Fleet Foxes play loudly and intimately at Brooklyn bar basement
July 10, 2008, at Union Hall
By Carlye Wisel
Published: July 14th, 2008 | 1:17pm
What happens when a gaggle of guys in skintight jeans, vests, and plaid shirts play a tiny, sold-out show in Brooklyn? Apparently, not stereotypical indie rock music.
It’s unexpected that Fleet Foxes, the Pitchfork-touted five-piece from Seattle, would create a sound so rooted in the styling of hymns and chorals. But for this folky group, the music is such an amalgamation of classic rock influences and Jim James–like vocals that it’s not only a new take on a familiar sentiment, but a type of band that the 100 or so audience members and their parents both could like.
Thursday night’s crowd, which mostly milled around Union Hall’s library-esque digs instead of catching opener The Dutchess and the Duke’s stripped-down folk, got antsy by the time Fleet Foxes were supposed to play their early show. Their impatience brewed until lead guitarist and frontman Robin Pecknold remarked that the small, dark basement with its shallow stage was “a little more my speed,” referencing their grandiose-by-comparison performance at New York’s Bowery Ballroom the previous night.
Sitting on a tall chair with a water bottle tucked behind his hip, the rumors about Pecknold being sick didn’t seem relevant until a few songs in, when his hacking cough presented itself during a break from singing. But, by the time Fleet Foxes played “White Winter Hymnal,” one of the first of the night and their most notable, his illness was ignorable and irrelevant. The spine-shivering song is so well crafted and brilliantly performed that it seemed almost impossible that he could actually be ill. Fleet Foxes acted as a summation of the reasons why one would even go to see a band perform in person, especially during “Your Protector” and Pecknold’s solo rendition of “Oliver James,” when his voice filled the space so expansively that the mood was created solely by the emotion and emphasis on specific syllables expressed while singing.

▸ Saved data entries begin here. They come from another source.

(* $$\sum_{n\ge0}S_n(1,q)\frac{z^n}{n!}=\frac{1}{(1-\sin z)^q},$$ and for $n\ge1$, $$S_n(x,-1)=\begin{cases}(1-x)(1-2x)^{m-1},& n=2m,\\ -(1-2x)^m,& n=2m+1.\end{cases}$$
   Context: Permutations of $[n]=\{1,\dots,n\}$ are written in standard cycle decomposition (each cycle starts with its smallest element, cycles in increasing order of smallest elements). $\pi$ has an excedance at $i$ if $\pi(i)>i$; ${\rm exc}(\pi)$ is the number of excedances, ${\rm cyc}(\pi)$ the number of cycles. A value $x$ is a double excedance of $\pi$ if $\pi^{-1}(x)<x<\pi(x)$. A permutation $\pi$ of $[n]$ is a simsun permutation of the second kind if for every $k\in\{0,1,\dots,n\}$, deleting the $k$ largest letters from the cycle decomposition of $\pi$ yields a permutation with no double excedances; $\mathcal{SS}_n$ is the set of these, $S_n(x,q)=\sum_{\pi\in\mathcal{SS}_n}x^{{\rm exc}(\pi)}q^{{\rm cyc}(\pi)}$, and $S_0(x,q)=1$. *)

From HB Require Import structures.
From mathcomp Require Import all_boot all_order all_algebra all_fingroup.
From mathcomp Require Import all_classical all_reals all_analysis.
Set Implicit Arguments. Unset Strict Implicit. Unset Printing Implicit Defensive.
Import Order.TTheory GRing.Theory Num.Theory.

(* A permutation of [n] = {1..n} is represented by s : 'S_n, a permutation of
   'I_n = {0..n-1}; element i : 'I_n stands for i+1.  This shift preserves the
   order, hence excedances, double excedances and cycles. *)

Definition exc n (s : 'S_n) : nat := #|[set i : 'I_n | (i < s i)%N]|.

(* Number of cycles (fixed points count as cycles of length 1). *)
Definition cyc n (s : 'S_n) : nat := #|porbits s|.

(* Deleting the letters >= m (i.e. the n - m largest letters of [n]) from the
   cycle decomposition of s: in each cycle, the new successor of a surviving
   letter i < m is the next letter along its cycle that survives, i.e.
   s^j(i) for the least j >= 1 with s^j(i) < m.  (The cycle of i has length
   <= n, so it is found among j = 1..n.) *)
Definition del_succ n (s : 'S_n) (m : nat) (i : 'I_n) : 'I_n :=
  let k := find (fun k => (iter k.+1 s i < m)%N) (iota 0 n) in iter k.+1 s i.

Definition del_dexc n (s : 'S_n) (m : nat) (x : 'I_n) : bool :=
  [exists y : 'I_n, [&& (y < m)%N, del_succ s m y == x, (y < x)%N &
                        (x < del_succ s m x)%N]].

(* simsun permutations of the second kind: for every k in {0..n}, deleting the
   k largest letters (m = n - k survivors, m ranging over {0..n}) leaves a
   permutation with no double excedance. *)
Definition simsun2 n (s : 'S_n) : bool :=
  [forall m : 'I_n.+1, forall x : 'I_n, (x < m)%N ==> ~~ del_dexc s m x].

Definition SS n : {set 'S_n} := [set s | simsun2 s].

(* S_n(x,q) evaluated in a commutative ring (S_0 = 1 automatically, since
   'S_0 has a single permutation with 0 excedances and 0 cycles). *)
Definition Sxq (R : comNzRingType) n (x q : R) : R :=
  (\sum_(s in SS n) x ^+ exc s * q ^+ cyc s)%R.

From HB Require Import structures.
From mathcomp Require Import all_boot all_order all_algebra all_fingroup.
From mathcomp Require Import all_classical all_reals all_analysis.
From mathcomp Require Import zify ring lra.
Import Order.TTheory GRing.Theory Num.Theory.
Set Implicit Arguments. Unset Strict Implicit. Unset Printing Implicit Defensive.

(* Every simsun permutation of [n+1] arises uniquely from one of [n] by
   inserting the letter n+1 either as a new fixed point or right after some
   letter j of its cycle; since deleting n+1 gives back the old permutation,
   the result is simsun exactly when the old one is and j does not become a
   double excedance, i.e. when the predecessor of j is at least j.  A new
   fixed point adds a cycle; insertion after j adds an excedance iff j was
   not one.  In a permutation without double excedances every excedance j
   has a predecessor >= j, so the j with succ j <= j <= pred j number
   n - 2 exc.  Hence
     S_{n+1}(x,q) = (q + n x) S_n(x,q) + x (1 - 2x) dS_n/dx(x,q),
   whose solution at q = -1 is the stated closed form.  For the EGF put
   f = (1 - sin)^(-q), w = cos/(1 - sin) and u = 1/(1 + sin): then
   f' = q w f, w' = u w^2 and u' = w u (1 - 2u), so by induction the same
   recurrence gives f^(n) = f w^n S_n(u,q), and f = w = u = 1 at 0. *)

Lemma iter_perm_period N (f : 'S_N) (i : 'I_N) :
  exists2 k, (0 < k <= N)%N & iter k f i = i.
Proof.
exists #|porbit f i|; last exact: iter_porbit.
rewrite lt0n card_porbit_neq0 /=.
by apply: leq_trans (max_card _) _; rewrite card_ord.
Qed.

Definition first_return N (f : 'S_N) (m : nat) (i : 'I_N) (K : nat) : Prop :=
  [/\ (0 < K)%N, (iter K f i < m)%N &
      forall l, (0 < l < K)%N -> (m <= iter l f i)%N].

Section FirstReturn.
Variables (N : nat) (f : 'S_N) (m : nat) (i : 'I_N).
Hypothesis im : (i < m)%N.

Lemma del_succ_first_return :
  exists2 K, first_return f m i K & del_succ f m i = iter K f i.
Proof.
have [k0 /andP[k00 k0N] k0i] := iter_perm_period f i.
set P := fun k => (iter k.+1 f i < m)%N.
have hasP : has P (iota 0 N).
  apply/hasP; exists k0.-1; last by rewrite /P prednK // k0i.
  by rewrite mem_iota /= add0n prednK.
set k := find P (iota 0 N).
have kN : (k < N)%N by rewrite has_find size_iota in hasP.
exists k.+1 => //; split=> //; first by have := nth_find 0 hasP; rewrite nth_iota.
move=> l /andP[l0 lk]; have lk' : (l.-1 < k)%N by rewrite prednK.
have := before_find 0 lk'; rewrite nth_iota ?add0n; last exact: ltn_trans lk' kN.
by rewrite /P prednK // => /negbT; rewrite -leqNgt.
Qed.

Lemma del_succE K : first_return f m i K -> del_succ f m i = iter K f i.
Proof.
move=> [K0 KP Kmin]; have [K' [K'0 K'P K'min] ->] := del_succ_first_return.
case: (ltngtP K' K) => [lt|gt|-> //].
- by have := Kmin K'; rewrite K'0 lt leqNgt K'P => /(_ isT).
- by have := K'min K; rewrite K0 gt leqNgt KP => /(_ isT).
Qed.
End FirstReturn.

Lemma del_succ_all N (f : 'S_N) (x : 'I_N) : del_succ f N x = f x.
Proof. by rewrite (@del_succE _ _ _ _ (ltn_ord x) 1) //; split=> // -[|l]. Qed.

Lemma val_lift_max n (y : 'I_n) : lift ord_max y = y :> nat.
Proof. by rewrite lift_max. Qed.

Section DeleteMax.
Variables (n : nat) (s : 'S_n.+1) (sg : 'S_n).
Local Notation w := (lift ord_max).
Hypothesis s_extends : forall y : 'I_n,
  s (w y) = w (sg y) \/ (s (w y) = ord_max /\ s ord_max = w (sg y)).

Still, in a live setting, Fleet Foxes retain their reverberation, pairing deeply dynamic vocal harmonies with that heavy, echoing expansiveness that makes them stunning. Surprising, though, was the balance of the sound being both overwhelming and intimate. While the music blasting through the speakers was painfully loud (and near intolerable for those standing in front of them), at times, the quick breaks between lyrics were so quiet that Pecknold’s metronome-like tapping was audible.
It wasn’t just the music that retained such intimacies, or the fact that a tenth of the crowd was close enough to almost get hit accidentally by an instrument. The group’s casual demeanor gave the show a vibe oddly similar to that of attending a party at a friend’s house. Besides the intermittent shouting between the crowd and musicians, chatting about There Will Be Blood and having a full conversation with an audience member about Seattle, their drummer made fun of Brooklynites for the tote bag trend, resulting in a humorous crowd reaction and an ironic story of how he packed everything he needed for a month in Europe inside of one.

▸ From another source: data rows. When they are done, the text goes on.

(* Under Phi, the leaves of T_k and the external vertices of H_k correspond from left
   to right, and the number of keys of a leaf is a function [leaf_size] of the height x
   of its external vertex: x while x <= 2m, and m plus the distance to the branching
   above afterwards.  Inserting into a leaf places a vertex at height x whose slots sit
   at height x+1; the leaf is full (2m keys) exactly when x is a branching height, and
   then it splits into two leaves of m keys and pushes one key into an inner node,
   matching the two new external vertices and the one new branching.  Before the root
   first overflows, both trees have a single leaf. *)

From mathcomp Require Import all_boot zify.
Set Implicit Arguments. Unset Strict Implicit.

Section Splice.
Variables (T : Type) (x0 : T).

Definition splice (F : T -> seq T) (s : seq T) (i : nat) : seq T :=
  take i s ++ F (nth x0 s i) ++ drop i.+1 s.

Lemma splice_catl F s1 s2 i :
  i < size s1 -> splice F (s1 ++ s2) i = splice F s1 i ++ s2.
Proof.
move=> lt_i_s1; rewrite /splice take_cat nth_cat drop_cat lt_i_s1 -!catA.
case: ltnP => // le_s1_Si; rewrite (drop_oversize le_s1_Si).
by rewrite (_ : i.+1 - size s1 = 0) ?drop0 //; lia.
Qed.

Lemma splice_catr F s1 s2 i :
  size s1 <= i -> splice F (s1 ++ s2) i = s1 ++ splice F s2 (i - size s1).
Proof.
move=> le_s1_i; rewrite /splice take_cat nth_cat drop_cat !ltnNge le_s1_i.
by rewrite leqW // subSn // -!catA.
Qed.

Lemma all_splice (p : pred T) F s i : i < size s -> all p s ->
  (forall x, p x -> all p (F x)) -> all p (splice F s i).
Proof.
move=> lt_i_s ps pF; rewrite -(cat_take_drop i.+1 s) all_cat in ps.
case/andP: ps => /[swap] pdrop; rewrite (take_nth x0) // -cats1 all_cat /= andbT.
by case/andP=> ptake /pF pFx; rewrite /splice !all_cat ptake pFx.
Qed.

End Splice.
Lemma bipartite_arrangement_improve (Q : seq bool) x y g :
  bipartite_arrangement Q x y g -> 0 < misfits E Q (2 * m + 1) g ->
  exists2 g', bipartite_arrangement Q x y g' &
              misfits E Q (2 * m + 1) g' < misfits E Q (2 * m + 1) g.
Proof.
move=> [arr_g alt_g fit0 fitK] /misfitP [l ln nfl]; have [ginj _ _] := arr_g.
have [p [lp ep hp]] : exists p, [/\ l \in [:: p.-1; p], ~~ odd p & 0 < p < 2 * m].
  have l0 : l != 0 by apply: contraNneq nfl => ->.
  have lK : l != (2 * m).-1 by apply: contraNneq nfl => ->.
  by exists (l + odd l); rewrite !inE; split; lia.
have [j [ej hj fpj fjp]] := bipartite_good_swap Q ginj alt_g ep hp.
exists (swap_at g p j); last by apply: misfits_swap_lt lp nfl fpj fjp; rewrite ?inE; lia.
split.
- by apply: arrangement_swap arr_g _ _; lia.
- by move=> i hi; rewrite /swap_at /transp; case: eqP => [->|_]; [|case: eqP => [->|_]];
     rewrite alt_g; lia.
- by rewrite fits_swap_out // !inE; lia.
- by rewrite fits_swap_out // !inE; lia.
Qed.

Lemma bipartite_initial_arrangement (Q : seq bool) x y :
  x \in A -> y \in A -> x != y -> exists g, bipartite_arrangement Q x y g.
Proof.
move=> xA yA xy.
have deg2 b a : 1 < oriented_deg E b a by have := degE a; case: b => /=; lia.
have [b1 xb1 _] := exists_oriented_nbr_neq x (deg2 (nth false Q 0) x).
have [b2 yb2 b21] := exists_oriented_nbr_neq b1 (deg2 (~~ nth false Q (2 * m).-1) y).
have [ra [ura raA size_ra last_ra]] := exists_seq_ends xA yA xy.
have [rb [urb rbB size_rb last_rb]] :=
  exists_seq_ends (oriented_nbr_of_A xA xb1) (oriented_nbr_of_A yA yb2) (ltac:(by rewrite eq_sym) : b1 != b2).
rewrite cardA in size_ra; rewrite cardB in size_rb.
pose g l := if odd l then nth b1 (b1 :: rb) l./2 else nth x (x :: ra) l./2.
have alt_g : alternating g.
  move=> l ln; rewrite /g; case: ifP => ol.
    by apply/negbTE; rewrite -in_setC rbB // mem_nth //= size_rb; lia.
  by rewrite raA // mem_nth //= size_ra; lia.
have g2m : g (2 * m) = y.
  rewrite /g ifF; last lia.
  rewrite (_ : (2 * m)./2 = (size (x :: ra)).-1); last by rewrite /= size_ra; lia.
  by rewrite nth_last /=.
exists g; split=> //.
- split=> //; last by rewrite addn1.
  move=> a b; rewrite !inE => an bn gab.
  have oab : odd a = odd b by have := alt_g a an; rewrite gab alt_g // => /negb_inj.
  move: gab; rewrite /g -oab; case: ifP => oa /eqP; rewrite nth_uniq //=; try lia.
rewrite /fits prednK ?g2m; last lia.
rewrite /g ifT; last lia.
rewrite (_ : ((2 * m).-1)./2 = (size (b1 :: rb)).-1); last by rewrite /= size_rb; lia.
by rewrite nth_last /= last_rb oriented_edgeC.
Qed.

Lemma bipartite_hamilton_copy x y : x \in A -> y \in A -> x != y ->
  forall Q : path_orientation (2 * m + 1), hamilton_copy_xy E Q x y.
Proof.
move=> xA yA xy Q; have [g0 arr_g0] := bipartite_initial_arrangement Q xA yA xy.
have [g [arr_g _ _ _] /eqP] :=
  misfits_descent (bipartite_arrangement_improve (Q := Q) (x := x) (y := y)) arr_g0.
move/eqP; apply: hamilton_copy_of_arrangement arr_g.
by rewrite -(cardsC A) cardA cardB; lia.
Qed.

End BipartiteDigraph.

Theorem proposition4p2 :
  (* (i) *)
  (forall (V : finType) (E : rel V), digraph E ->
     (forall v : V, 7 * #|V| <= 8 * outdeg E v /\ 7 * #|V| <= 8 * indeg E v) ->
     forall x y : V, x != y ->
     forall Q : path_orientation #|V|, hamilton_copy_xy E Q x y)
  /\
  (* (ii) *)
  (forall (m : nat), 10 <= m ->
   forall (V : finType) (E : rel V) (A : {set V}), digraph E ->
     #|A| = m.+1 -> #|~: A| = m ->
     (forall u v : V, E u v -> (u \in A) != (v \in A)) ->
     (forall v : V, 7 * m + 2 <= 8 * outdeg E v /\ 7 * m + 2 <= 8 * indeg E v) ->
     forall x y : V, x \in A -> y \in A -> x != y ->
     forall Q : path_orientation (2 * m + 1), hamilton_copy_xy E Q x y).
Proof.
split=> [V E irrE degE | m m10 V E A _ cardA cardB bipE degE].
  exact: dense_hamilton_copy.
by apply: bipartite_hamilton_copy; first lia.
Qed.
Lemma sum_block_grad {R : realType} {d n p N : nat}
  {grad : 'I_n -> 'cV[R]_d -> 'cV[R]_d} (y : 'cV[R]_d) :
  (0 < p)%N -> n = (N * p)%N ->
  \sum_(i < N) block_grad p grad i y = N%:R *: full_grad grad y.
Proof.
move=> p_gt0 n_E; case: (posnP N) => [N0 | N_gt0].
  by rewrite N0 big_ord0 scale0r.
rewrite /block_grad /full_grad -scaler_sumr.
have -> : \sum_(i < N) \sum_(j < n | (i * p <= j < i * p + p)%N) grad j y =
          \sum_(j < n) grad j y.
  under eq_bigr do rewrite big_mkcond /=.
  (* each index [j] lies in exactly one block, namely block [j %/ p] *)
  rewrite exchange_big /=; apply: eq_bigr => j _.
  have j_blk : (j %/ p < N)%N by rewrite ltn_divLR // -n_E.
  rewrite (bigD1 (Ordinal j_blk)) //= big1 => [|i /eqP i_neq].
    have -> : (j %/ p * p <= j < j %/ p * p + p)%N.
      by rewrite leq_divM /= -mulSnr -ltn_divLR.
    by rewrite addr0.
  case: ifP => // /andP [lo hi]; exfalso; apply: i_neq.
  apply: val_inj => /=; apply/eqP; rewrite eqn_leq leq_divRL //=.
  by rewrite lo -ltnS ltn_divLR // mulSnr.
rewrite scalerA; congr (_ *: _); rewrite [in RHS]n_E natrM.
by field; rewrite !pnatr_eq0 -!lt0n N_gt0 p_gt0.
Qed.

Lemma sum_dotv_block_grad {R : realType} {d n p N : nat}
  {grad : 'I_n -> 'cV[R]_d -> 'cV[R]_d} (y v w : 'cV[R]_d) :
  (0 < p)%N -> n = (N * p)%N ->
  \sum_(i < N) dotv (block_grad p grad i y - v) w = N%:R * dotv (full_grad grad y - v) w.
Proof.
move=> p_gt0 n_E; rewrite -dotv_suml sumrB sum_block_grad // sumr_const card_ord.
by rewrite -(scaler_nat N v) -scalerBr dotvZl.
Qed.

Section Expectation.
Context {R : realType} {N t : nat}.
Implicit Types (F G : t.-tuple 'I_N -> R) (H K : t.-tuple 'I_N -> 'I_N -> R).

Lemma expect_ge0 {F} : (forall s, 0 <= F s) -> 0 <= expect F.
Proof.
move=> F_ge0; rewrite mulr_ge0 ?invr_ge0 ?exprn_ge0 ?ler0n //.
by apply: sumr_ge0 => s _.
Qed.

Lemma expect_next0 {H} : N = 0%N -> expect_next H = 0.
Proof.
by move=> N0; rewrite /expect_next (_ : N%:R = 0) ?N0 // expr0n invr0 mul0r.
Qed.

Lemma expect_nextD H K :
  expect_next (fun s i => H s i + K s i) = expect_next H + expect_next K.
Proof. by rewrite /expect_next -mulrDr -big_split; under eq_bigr do rewrite -big_split. Qed.

Lemma expect_nextB H K :
  expect_next (fun s i => H s i - K s i) = expect_next H - expect_next K.
Proof. by rewrite /expect_next; under eq_bigr do rewrite sumrB; rewrite sumrB mulrBr. Qed.

Lemma expect_nextZ (k : R) H : expect_next (fun s i => k * H s i) = k * expect_next H.
Proof.
by rewrite /expect_next; under eq_bigr do rewrite -mulr_sumr; rewrite -mulr_sumr mulrCA.
Qed.

Lemma expect_next_mean {H G} : (0 < N)%N ->
  (forall s, \sum_(i : 'I_N) H s i = N%:R * G s) -> expect_next H = expect G.
Proof.
move=> N_gt0 H_sum; rewrite /expect_next /expect (eq_bigr _ (fun s _ => H_sum s)).
have N_neq0 : N%:R != 0 :> R by rewrite pnatr_eq0 -lt0n.
by rewrite -mulr_sumr exprS; field; rewrite ?expf_neq0.
Qed.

Sure, all musicians banter and crack jokes, but with Fleet Foxes, once again, it was different. They were nice, and they meant it.
During the encore — which only occurred because people wouldn’t stop cheering until they heard another tune — there was a full shout-versation between him and the audience after a question about hair products led to someone yelling out “Your hair’s better than your voice!,” a burn that everyone seemed to enjoy and wanted to remark out loud about.
The audible nature of the evening took a turn for the worst when during the final song of the night, the low-key “Tiger Mountain Peasant Song,” someone screamed “shut the fuck up!” presumably to chatty attendees. And, even though the ultimate mood-killer would usually phase a band’s frontman, Pecknold just played along, unphased, completely in his own world.